>>

(* Every irreflexive relation $R\subseteq\Sigma^*\times\Sigma^*$ that is left synchronous, and every irreflexive relation that is right synchronous, has a rational asymmetric partition.
   Context: A transducer over a finite alphabet $\Sigma$ has finitely many states, transitions labelled $x/y$ with $x,y\in\Sigma\cup\{\lambda\}$ ($\lambda$ the empty word), initial and final states; it realizes the set of input/output label pairs of its accepting computations. A relation is rational if it is realized by some transducer. A transducer is letter-to-letter if all labels are $\sigma/\tau$ with $\sigma,\tau\in\Sigma$. The product of relations is $R_1R_2=\{u_1u_2/v_1v_2 : u_1/v_1\in R_1,\ u_2/v_2\in R_2\}$. $R$ is left synchronous if it is a finite union of relations each of the form $S(A\times\{\lambda\})$ or $S(\{\lambda\}\times A)$, where $A\subseteq\Sigma^*$ is regular and $S$ is realized by a letter-to-letter transducer; it is right synchronous if it is a finite union of relations of the form $(A\times\{\lambda\})S$ or $(\{\lambda\}\times A)S$. A relation is irreflexive if it contains no pair $u/u$; a relation $A$ is asymmetric if $x/y\in A$ implies $y/x\notin A$. A rational asymmetric partition of an irreflexive relation $I$ is a partition $\{A,B\}$ of $I$ into two asymmetric rational relations. *)

From mathcomp Require Import all_boot.
Set Implicit Arguments. Unset Strict Implicit. Unset Printing Implicit Defensive.

Section Rational.
Variable Sigma : finType.

Definition word := seq Sigma.
Definition wrel := word -> word -> Prop.

(* lambda is None; a letter a is Some a *)
Definition olab (x : option Sigma) : word :=
  if x is Some a then [:: a] else [::].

<<

**TASK BRIEF:** Provide an exact reproduction of all the entries shown above.

**ANSWER TO THE EXERCISE:**
(* Every irreflexive relation $R\subseteq\Sigma^*\times\Sigma^*$ that is left synchronous, and every irreflexive relation that is right synchronous, has a rational asymmetric partition.
   Context: A transducer over a finite alphabet $\Sigma$ has finitely many states, transitions labelled $x/y$ with $x,y\in\Sigma\cup\{\lambda\}$ ($\lambda$ the empty word), initial and final states; it realizes the set of input/output label pairs of its accepting computations. A relation is rational if it is realized by some transducer. A transducer is letter-to-letter if all labels are $\sigma/\tau$ with $\sigma,\tau\in\Sigma$. The product of relations is $R_1R_2=\{u_1u_2/v_1v_2 : u_1/v_1\in R_1,\ u_2/v_2\in R_2\}$. $R$ is left synchronous if it is a finite union of relations each of the form $S(A\times\{\lambda\})$ or $S(\{\lambda\}\times A)$, where $A\subseteq\Sigma^*$ is regular and $S$ is realized by a letter-to-letter transducer; it is right synchronous if it is a finite union of relations of the form $(A\times\{\lambda\})S$ or $(\{\lambda\}\times A)S$. A relation is irreflexive if it contains no pair $u/u$; a relation $A$ is asymmetric if $x/y\in A$ implies $y/x\notin A$. A rational asymmetric partition of an irreflexive relation $I$ is a partition $\{A,B\}$ of $I$ into two asymmetric rational relations. *)

From mathcomp Require Import all_boot.
Set Implicit Arguments. Unset Strict Implicit. Unset Printing Implicit Defensive.

Section Rational.
Variable Sigma : finType.

Definition word := seq Sigma.
Definition wrel := word -> word -> Prop.

(* lambda is None; a letter a is Some a *)
Definition olab (x : option Sigma) : word :=
  if x is Some a then [:: a] else [::].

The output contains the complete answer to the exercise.